09/29/14 12:39 PM #5    

Willie Caplan

andy, was one hell of a man. i remember i fix him and mike kuper up a less just say it was a day to remember. not only was he smart as any person that i know, he beat me out as the whittiest( i think that is how u spell it) of high school. a great athlete, a wonderful doctor at mcv. i will always be thankful to know such a wonderful person, who should as well as mike kuper , be at our 50 th reunion. i miss them both. willie


09/30/14 11:13 PM #6    

Betty Lee Davis

Randy, I had the good "fortune" of being put in the midst of you and Andy, the "dynamic duo," which you remained forever [your antics only increased with time!] in the 4th grade at Hill School, in Ms. Nest's class.  Do you recall?  Like you and others of us, I journeyed over to Robert E. Lee for the 5th and 6th grades.  Susan Williams,Jim Edge, and Hy Schwartzberger were in the 4th grade class with us.  Do you remember the reading circle?  While I liked Ms. Nest, my love of  reading was discouraged by her as I would wave my hand eagerly to read and she would always call on Jim and Susan.

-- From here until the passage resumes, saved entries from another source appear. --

(* There exist numerical constants $c,c'>0$ and $\varepsilon_0>0$ such that for every $\varepsilon\in(0,\varepsilon_0)$ there exists a model class $\mathcal M$ with $$\sup_{\bar M\in\mathrm{co}(\mathcal M)}\mathrm{dec}^{\mathrm c}_{\mathrm r,\varepsilon}(\mathcal M,\bar M)\le c\cdot\varepsilon,$$ yet $$\mathrm{dec}^{\mathrm c}_{\mathrm r,\varepsilon}(\mathcal M)=\sup_{\bar M\in\mathrm{co}(\mathcal M)}\mathrm{dec}^{\mathrm c}_{\mathrm r,\varepsilon}(\mathcal M\cup\{\bar M\},\bar M)\ge c'\cdot\varepsilon^{2/3}.$$
   Context: Models are kernels $M:\Pi\to\Delta([0,1]\times\mathcal O)$ for a decision space $\Pi$ and observation space $\mathcal O$ (rewards in $[0,1]$). $f^M(\pi)=\mathbb E_{(r,o)\sim M(\pi)}[r]$, $\pi_M\in\arg\max f^M$, $g^M(\pi)=f^M(\pi_M)-f^M(\pi)$; $D^2_H$ is squared Hellinger distance; $\mathrm{co}(\mathcal M)$ is the set of mixtures $\pi\mapsto\mathbb E_{M\sim\nu}[M(\pi)]$, $\nu\in\Delta(\mathcal M)$. Constrained regret DEC: $\mathrm{dec}^{\mathrm c}_{\mathrm r,\varepsilon}(\mathcal M',\bar M)=\inf_{p\in\Delta(\Pi)}\sup_{M\in\mathcal M'}\{\mathbb E_{\pi\sim p}[g^M(\pi)]:\mathbb E_{\pi\sim p}[D^2_H(M(\pi),\bar M(\pi))]\le\varepsilon^2\}$ (value $0$ if empty). *)

From HB Require Import structures.
From mathcomp Require Import all_boot all_order all_algebra.
From mathcomp Require Import classical_sets boolp reals exp.
Set Implicit Arguments. Unset Strict Implicit. Unset Printing Implicit Defensive.
Import Order.TTheory GRing.Theory Num.Theory.
Local Open Scope ring_scope.
Local Open Scope classical_set_scope.

Section Defs.
Variables (R : realType) (Pi : finType) (O : eqType).

(* A finitely supported distribution on [0,1] x O, given as a list of
   (weight, (reward, observation)) atoms. *)
Definition dist := seq (R * (R * O)).

Definition mass (d : dist) (z : R * O) : R := \sum_(w <- d | w.2 == z) w.1.

Definition valid_dist (d : dist) : Prop :=
  (forall w, w \in d -> 0 <= w.1 /\ 0 <= w.2.1 <= 1) /\ \sum_(w <- d) w.1 = 1.

Definition hell2 (d1 d2 : dist) : R :=
  \sum_(z <- undup (map snd (d1 ++ d2))) (Num.sqrt (mass d1 z) - Num.sqrt (mass d2 z)) ^+ 2.

Definition mean_reward (d : dist) : R := \sum_(w <- d) w.1 * w.2.1.

Definition model := Pi -> dist.

Definition valid_model (M : model) : Prop := forall pi, valid_dist (M pi).

Definition fM (M : model) (pi : Pi) : R := mean_reward (M pi).
Lemma eigenvalue_lt1_expmx_cvg0 n (A : 'M[R]_n) z :
  A ^+ k @[k --> \oo] --> (0 : 'M[R]_n) ->
  eigenvalue (complex_mx A) z -> normc z < 1.
Proof.
move=> A0 /eigenvalueP [v vA v0].
have vAk k : v *m complex_mx A ^+ k = z ^+ k *: v.
  elim: k => [|k IH]; first by rewrite expr0 mulmx1 scale1r.
  by rewrite exprSr -mulmxE mulmxA IH -scalemxAl vA scalerA -exprSr.
have [j vj] : exists j, v 0 j != 0.
  apply/existsP; apply: contraNT v0 => /existsPn vj0.
  by apply/eqP/rowP => j; rewrite mxE; have /negPn/eqP := vj0 j.
have vj_gt0 : 0 < normc (v 0 j) by rewrite (@normr_gt0 _ (Rcomplex R)).
pose c := \sum_i normc (v 0 i).
have zk_le k : normc z ^+ k * normc (v 0 j) <= c * `|A ^+ k|.
  rewrite -normcX -Normc.normcM.
  have := congr1 (fun M : 'rV[R[i]]_n => M 0 j) (vAk k); rewrite /= !mxE => <-.
  rewrite (le_trans (normc_sum _ _)) // mulr_suml; apply: ler_sum => i _.
  by rewrite Normc.normcM -rmorphXn mxE normc_real ler_wpM2l ?normc_ge0 ?mx_norm_entry.
have : c * `|A ^+ k| @[k --> \oo] --> c * `|0 : 'M[R]_n|.
  by apply: cvgMr; exact: cvg_norm.
rewrite normr0 mulr0 => /cvgr0_norm_lt/(_ _ vj_gt0) [N _ /(_ N (leqnn N))].
have c_ge0 : 0 <= c by apply: sumr_ge0 => i _; exact: normc_ge0.
rewrite ger0_norm ?mulr_ge0 // => cAN.
rewrite ltNge; apply/negP => z1.
have := le_lt_trans (zk_le N) cAN; apply/negP.
by rewrite -leNgt ler_peMl ?normc_ge0 // exprn_ege1.
Qed.

Lemma spectral_radius_lt1P n (A : 'M[R]_n) :
  spectral_radius A < 1 <-> A ^+ k @[k --> \oo] --> (0 : 'M[R]_n).
Proof.
rewrite spectral_radius_lt1_eigenvalueP; split; first exact: expmx_cvg0_eigenvalue_lt1.
by move=> A0 z; exact: eigenvalue_lt1_expmx_cvg0.
Qed.

End SpectralRadius.

Section GeometricDecay.
Variable R : realType.

Lemma exists_root_half (m : nat) : (0 < m)%N ->
  exists lam : R, [/\ 0 < lam, lam < 1 & lam ^+ m = 2^-1].
Proof.
move=> m_gt0; exists (2^-1 `^ m%:R^-1).
have lam_m : (2^-1 `^ m%:R^-1) ^+ m = 2^-1 :> R.
  rewrite -powR_mulrn ?powR_ge0 // -powRrM mulVf ?powRr1 ?invr_ge0 //.
  by rewrite pnatr_eq0 -lt0n.
split => //; rewrite ltNge; apply/negP => /(exprn_ege1 m).
by rewrite lam_m invf_ge1 //; lra.
Qed.

Lemma expmx_cvg0_geometric n (A : 'M[R]_n) :
  A ^+ k @[k --> \oo] --> (0 : 'M[R]_n) ->
  exists C lam : R,
    [/\ 0 < C, 0 < lam, lam < 1 & forall k, `|A ^+ k| <= C * lam ^+ k].
Proof.
move=> A0.
have : n%:R * `|A ^+ k| @[k --> \oo] --> n%:R * `|0 : 'M[R]_n|.
  by apply: cvgMr; exact: cvg_norm.
have half_gt0 : 0 < 2^-1 :> R by rewrite invr_gt0.
rewrite normr0 mulr0 => /cvgr0_norm_le/(_ _ half_gt0) [N _ /(_ N.+1 (leqnSn N))].
set m := N.+1; rewrite ger0_norm ?mulr_ge0 // => Am.
(* Every block of [m] steps halves the norm, and [lam ^+ m = 1/2]. *)
have Aqm q r : `|A ^+ (q * m + r)| <= 2^-1 ^+ q * `|A ^+ r|.
  elim: q => [|q IH]; first by rewrite mul0n add0n expr0 mul1r.
  rewrite mulSn -addnA exprD -mulmxE (le_trans (mx_normM _ _)) //.
  by rewrite [leLHS]mulrA exprS -[leRHS]mulrA ler_pM ?mulr_ge0.
pose G := \big[Num.max/0]_(r < m) `|A ^+ r|.
have G_ge0 : 0 <= G by exact: bigmax_ge_id.
have [lam [lam_gt0 lam_lt1 lam_m]] := exists_root_half (ltn0Sn N).
exists (2 * G + 1), lam; split => // [|k]; first by rewrite ltr_pwDr // mulr_ge0.
set q := (k %/ m)%N; set r := (k %% m)%N.
have r_lt : (r < m)%N by rewrite ltn_pmod.
have Gr : `|A ^+ r| <= G.
  exact: (le_bigmax _ (fun i : 'I_m => `|A ^+ i|) (Ordinal r_lt)).
have lam_r : 2^-1 <= lam ^+ r by rewrite -lam_m ler_wiXn2l ?ltW // ltnW.
rewrite (divn_eq k m) -/q -/r (le_trans (Aqm _ _)) // -lam_m -exprM mulnC exprD.
set X := lam ^+ (q * m); have X0 : 0 <= X by rewrite exprn_ge0 // ltW.
apply: (@le_trans _ _ (X * G)); first by rewrite ler_wpM2l.
by have := mulr_ge0 X0 G_ge0; nra.
Qed.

They were from the "North" [Pennsylvania, maybe New York/New England, too], As a 9 year old, I always thought she preferred their "northern" accents over mine, but they were also very bright. I have a photograph of you and Andy in that class with him on the front row, I think, and you behind him, if I remember correctly.  Our histories go back a ways!  We lost some of our Hill School group to George Wythe {Jim Edge recovered one of them!]. The bigger lot of us folded in at Tee Jay with the Westhampton group to form the class of '64. My closest friends at Lee/Hill were Mary Ellen Brannan, Dyan Kelly, Anne Abell, Sharon Smith, Jackie Harwood, and later, at Hill, Susan Trainer.  They were in the half year that moved up when "high" and "low" were eliminated.  They always "broke the path" for me going from Lee to Hill and then, Hill to Tee Jay and then, they "left me behind" when they graduated, and each time sadness would turn into delight getting to know those in my own grade even better!

Andy was a very special person, gifted and excelling in so many ways, including his endless "stream of comic" humor, whose life was cut too short.  You were his equal.  Together, you made quite a pair!!    


10/01/14 08:33 AM #7    

Randall Fortune

Betty Lee,

Thanks for your kind thoughts. You are correct that Andy was one-of-a-kind! By the way, do you have any idea where Susan Williams ended up? She's listed as one of the missing.  She was the prettiest girl at Hill! It would be nice to get her to attend this reunion.


10/02/14 01:04 PM #8    

Betty Lee Davis

I am glad the class of '64 can still count on you to be on the lookout for the pretty girls!  I don't know what happened to her.  My recollection is that she went to Wellsley College.  I know her family moved at some point and then came back.  I am not remembering if she left before we graduated or left and came back and then graduated. She and Diane Page were good friends at one point. I don't know if she would know where she is now.


10/09/14 08:50 PM #9    

Dyan Kelly

A Renaissance Man in a comic disguise. The world lost a most valuable player way too soon.

Dyan Kelly

 


10/28/15 12:37 PM #10    

Earl E. (Buddy) Cousins

Miss you Andy! So many funny stories, both sports and the "real world". Remember playing ball game and I'm in right field and you're (Andy) pitching and Spud and I were still arguing over if I got a hit or not, and you're (Andy) sitting down on the pitching rubber, blowing your nose, and yelling at me to catch the ball if it's hit to me. Then at Freeman when I was trying to punch some guy and Spud wanted to leave me, and you wouldn't let him on the team bus. The night I took you and Mike Kuper to my aunt and uncle's place on Oregon Hill, to get you guys some whiskey. That was so damn funny. Yeah. I can say it now, that attactive lady that walked up and kissed me was my aunt. OK. Now you know the rest of the story. Miss you my man, and all of your craziness.